*Action item*. Lines, not repeats, are what count: give the number of lines below that hold "Require", and nothing more.

*Raw data*.
Definition ElHom (C : Cat) (X : Presheaf C) (e e' : Elt X) :=
  {phi : @hom C (projT1 e) (projT1 e') | pact X phi (projT2 e') = projT2 e}.

Definition el_id (C : Cat) (X : Presheaf C) (e : Elt X) : ElHom e e :=
  exist (fun phi => pact X phi (projT2 e) = projT2 e) (idc (projT1 e))
        (pact_id _).

Definition el_cmp (C : Cat) (X : Presheaf C) (e1 e2 e3 : Elt X)
  (g : ElHom e2 e3) (f : ElHom e1 e2) : ElHom e1 e3.
Proof.
  exists (cmp (proj1_sig g) (proj1_sig f)).
  rewrite pact_cmp, (proj2_sig g), (proj2_sig f). reflexivity.
Defined.

Definition ElCat (C : Cat) (X : Presheaf C) : Cat.
Proof.
  refine {| ob := Elt X; hom := @ElHom C X; idc := @el_id C X; cmp := @el_cmp C X |}.
  - intros; apply sig_eq_pi; simpl; apply cmp_id_l.
  - intros; apply sig_eq_pi; simpl; apply cmp_id_r.
  - intros; apply sig_eq_pi; simpl; apply cmp_assoc.
Defined.

Definition EX (C : DCat) (X : Presheaf C) : DCat.
Proof.
  refine {| dcat := ElCat X;
            fwd := fun e e' phi => fwd (proj1_sig phi);
            bwd := fun e e' phi => bwd (proj1_sig phi) |}.
  - intros; apply fwd_id.
  - intros a b c g f Hg Hf; apply (fwd_cmp Hg Hf).
  - intros; apply bwd_id.
  - intros a b c g f Hg Hf; apply (bwd_cmp Hg Hf).
  - intros a b f g H1 H2. apply (d_inv (d:=C)).
    + exact (f_equal (@proj1_sig _ _) H1).
    + exact (f_equal (@proj1_sig _ _) H2).
Defined.

Definition piF (C : DCat) (X : Presheaf C) : Functor (EX X) C.
Proof.
  refine (@Build_Functor (EX X) C (fun e : Elt X => projT1 e)
            (fun e e' (phi : @ElHom C X e e') => proj1_sig phi) _ _);
  intros; reflexivity.
Defined.

Definition piX (C : DCat) (X : Presheaf C) : DFunctor (EX X) C.
Proof.
  refine (@Build_DFunctor (EX X) C (piF X) _ _); simpl; intros; assumption.
Defined.

Definition ppush (C : DCat) (X : Presheaf C) (alpha : Path (EX X)) : Path C :=
  {| pword := pword alpha; pfun := dfcomp (piX X) (pfun alpha) |}.

Definition accepting (C : DCat) (X : Automaton C) (alpha : Path (EX X)) : Prop :=
  astart X (pbot alpha) /\ aacc X (ptop alpha).

Definition eqv (A : Type) (R : A -> A -> Prop) := clos_refl_sym_trans A R.
Definition quot (A : Type) (R : A -> A -> Prop) :=
  {P : A -> Prop | exists a, P = eqv R a}.
Definition cls (A : Type) (R : A -> A -> Prop) (a : A) : quot R :=
  exist _ (eqv R a) (ex_intro _ a eq_refl).

Definition qrepr (A : Type) (R : A -> A -> Prop) (q : quot R) : A :=
  proj1_sig (constructive_indefinite_description _ (proj2_sig q)).

Lemma qrepr_spec (A : Type) (R : A -> A -> Prop) (q : quot R) : cls R (qrepr q) = q.
Proof.
  unfold qrepr. destruct (constructive_indefinite_description _ _) as [a Ha].
  simpl. apply sig_eq_pi. simpl. symmetry. exact Ha.
Qed.

Lemma cls_eqv (A : Type) (R : A -> A -> Prop) (a b : A) :
  cls R a = cls R b -> eqv R a b.
Proof.
  intro H. apply (f_equal (@proj1_sig _ _)) in H. simpl in H.
  assert (Hb : eqv R b b) by apply rst_refl.
  rewrite <- H in Hb. exact Hb.
Qed.

Definition qlift (A B : Type) (R : A -> A -> Prop) (f : A -> B) (q : quot R) : B :=
  f (qrepr q).

Lemma qlift_cls (A B : Type) (R : A -> A -> Prop) (f : A -> B) :
  (forall a b, R a b -> f a = f b) -> forall a, qlift f (cls R a) = f a.
Proof.
  intros Hf a. unfold qlift. pose proof (cls_eqv (qrepr_spec (cls R a))) as H.
  induction H; auto. congruence.
Qed.

Lemma cls_surj (A : Type) (R : A -> A -> Prop) (q : quot R) : exists a, q = cls R a.
Proof. exists (qrepr q). symmetry. apply qrepr_spec. Qed.

Lemma cls_step (A : Type) (R : A -> A -> Prop) (a b : A) : R a b -> cls R a = cls R b.
Proof.
  intro H. apply sig_eq_pi; simpl.
  apply functional_extensionality; intro x. apply propositional_extensionality.
  split; intro Hx.
  - apply rst_trans with a; [apply rst_sym, rst_step, H | exact Hx].
  - apply rst_trans with b; [apply rst_step, H | exact Hx].
Qed.

(* hat omega = colim_i C(-, omega(i)), computed pointwise in Set:
   at U, the quotient of  sum_i C(U, omega i)  by the equivalence generated by
   (i, f) ~ (j, omega(g) o f)  for g : i -> j in the linear category. *)
Definition TrA (C : DCat) (om : Path C) (U : ob C) :=
  {i : ob (LinD (pword om)) & @hom C U (fob (pfun om) i)}.

Definition TrR (C : DCat) (om : Path C) (U : ob C) (p q : TrA om U) : Prop :=
  exists g : @hom (LinD (pword om)) (projT1 p) (projT1 q),
    projT2 q = cmp (fmap (pfun om) g) (projT2 p).
(* Let $m,n,p,q\in\mathbb{R}$ with $m<0$, let $P(t)=t^5+mt^3+nt^2+pt+q$, and set $u=\frac{2\sqrt{-m}}{\sqrt5}$. Then $P$ has at most three roots on each of the half-lines $(u,\infty)$ and $(-\infty,-u)$. *)

From mathcomp Require Import all_boot all_order all_algebra.
Set Implicit Arguments. Unset Strict Implicit. Unset Printing Implicit Defensive.
Import Order.TTheory GRing.Theory Num.Theory.
Local Open Scope ring_scope.

Definition quinticP (R : ringType) (m n p q : R) : {poly R} :=
  'X^5 + m%:P * 'X^3 + n%:P * 'X^2 + p%:P * 'X + q%:P.

From mathcomp Require Import all_boot all_order all_algebra.
From mathcomp Require Import polyrcf.
From mathcomp Require Import ring lra.
Import Order.TTheory GRing.Theory Num.Theory.
Local Open Scope ring_scope.

(* By Rolle's theorem, between two consecutive roots of P in an interval there
   is a root of P', so a polynomial with four distinct roots in an interval has
   a third derivative vanishing there.  But P''' = 60 t^2 + 6 m, whose roots
   +-sqrt(-m/10) lie in [-u, u]. *)

Section RolleCounting.
Variables (R : rcfType) (I : pred R).
Hypothesis I_convex : forall {a b c}, I a -> I b -> c \in `]a, b[ -> I c.

Lemma path_roots_deriv (p : {poly R}) {x s} :
  path <%O x s -> I x -> all I s -> root p x -> all (root p) s ->
  exists2 s', path <%O x s' &
    [/\ size s' = size s, all I s' & all (root p^`()) s'].
Proof.
elim: s x => [|y s IHs] x; first by exists [::].
move=> /= /andP[lt_xy path_y] Ix /andP[Iy Is] px /andP[py ps].
have [s' path_y' [size_s' Is' ps']] := IHs y path_y Iy Is py ps.
have [c c_xy p'c] := poly_rolle lt_xy (etrans (eqP px) (esym (eqP py))).
have [lt_xc lt_cy] : x < c /\ c < y by move: c_xy; rewrite in_itv => /andP[].
have Ic : I c := I_convex Ix Iy c_xy.
exists (c :: s'); last by split; rewrite /= ?size_s' ?Ic // /root p'c eqxx.
rewrite /= lt_xc path_min_sorted ?(path_sorted path_y') //.
by apply/allP => z /(allP (lt_path_min path_y')); apply: lt_trans.
Qed.

Lemma uniq_roots_deriv (p : {poly R}) s :
  uniq s -> all I s -> all (root p) s ->
  exists2 s', uniq s' &
    [/\ size s' = (size s).-1, all I s' & all (root p^`()) s'].
Proof.
rewrite -sort_lt_sorted -(size_sort <=%O) -(all_sort I <=%O) -(all_sort (root p) <=%O).
case: (sort _ s) => [|x t]; first by exists [::].
move=> /= path_t /andP[Ix It] /andP[px pt].
have [s' path_s' [size_s' Is' ps']] := path_roots_deriv p path_t Ix It px pt.
by exists s'; first exact/lt_sorted_uniq/(path_sorted path_s').
Qed.

Lemma size_roots_le_deriv (p : {poly R}) k :
  {in I, forall z, ~~ root p^`(k) z} ->
  forall s, uniq s -> all I s -> all (root p) s -> (size s <= k)%N.
Proof.
elim: k p => [|k IHk] p no_root [|x s] //= s_uniq Is ps.
  by case/andP: Is => /no_root; case/andP: ps => ->.
have [s' s'_uniq [size_s' Is' ps']] := uniq_roots_deriv p (x :: s) s_uniq Is ps.
rewrite ltnS -[size s]/(size (x :: s)).-1 -size_s' (IHk p^`()) // => z /no_root.
by rewrite derivSn.
Qed.

End RolleCounting.

Lemma horner_quinticP_deriv3 (R : comRingType) (m n p q z : R) :
  (quinticP m n p q)^`(3).[z] = 60 * z ^+ 2 + 6 * m.
Proof. by rewrite /quinticP !derivSn derivn0 !derivE !hornerE /=; ring. Qed.

Theorem corollary2 (R : rcfType) (m n p q : R) (hm : m < 0) :
  let P := quinticP m n p q in
  let u := 2 * Num.sqrt (- m) / Num.sqrt 5 in
  (forall s : seq R, uniq s -> (forall x, x \in s -> u < x /\ root P x) ->
     (size s <= 3)%N) /\
  (forall s : seq R, uniq s -> (forall x, x \in s -> x < - u /\ root P x) ->
     (size s <= 3)%N).
Proof.
move=> P u.
have u_ge0 : 0 <= u by rewrite mulr_ge0 ?invr_ge0 ?mulr_ge0 ?sqrtr_ge0.
have u_sqr : u ^+ 2 = 4 / 5 * - m.
  by rewrite expr_div_n exprMn !sqr_sqrtr ?oppr_ge0 ?ltW //; field.
have P3_neq0 z : u ^+ 2 < z ^+ 2 -> ~~ root P^`(3) z.
  by move=> lt_uz; rewrite /root horner_quinticP_deriv3 lt0r_neq0 //; nra.
have roots_le3 (I : pred R) :
    (forall a b c, I a -> I b -> c \in `]a, b[ -> I c) ->
    (forall z, I z -> u ^+ 2 < z ^+ 2) ->
    forall s, uniq s -> (forall x, x \in s -> I x /\ root P x) -> (size s <= 3)%N.
  move=> I_convex I_outside s s_uniq s_roots.
  apply: (size_roots_le_deriv _ _ I_convex P 3 _ s s_uniq) => [z /I_outside/P3_neq0 //||].
    by apply/allP => x /s_roots[].
  by apply/allP => x /s_roots[].
split; [apply: (roots_le3 (> u)) | apply: (roots_le3 (< - u))] => /=.
- by move=> a b c lt_ua _; rewrite in_itv => /andP[/(lt_trans lt_ua)].
- by move=> z lt_uz; nra.
- by move=> a b c _ lt_bu; rewrite in_itv => /andP[_ /lt_trans]; apply.
- by move=> z lt_zu; nra.
Qed.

*Output below*. 4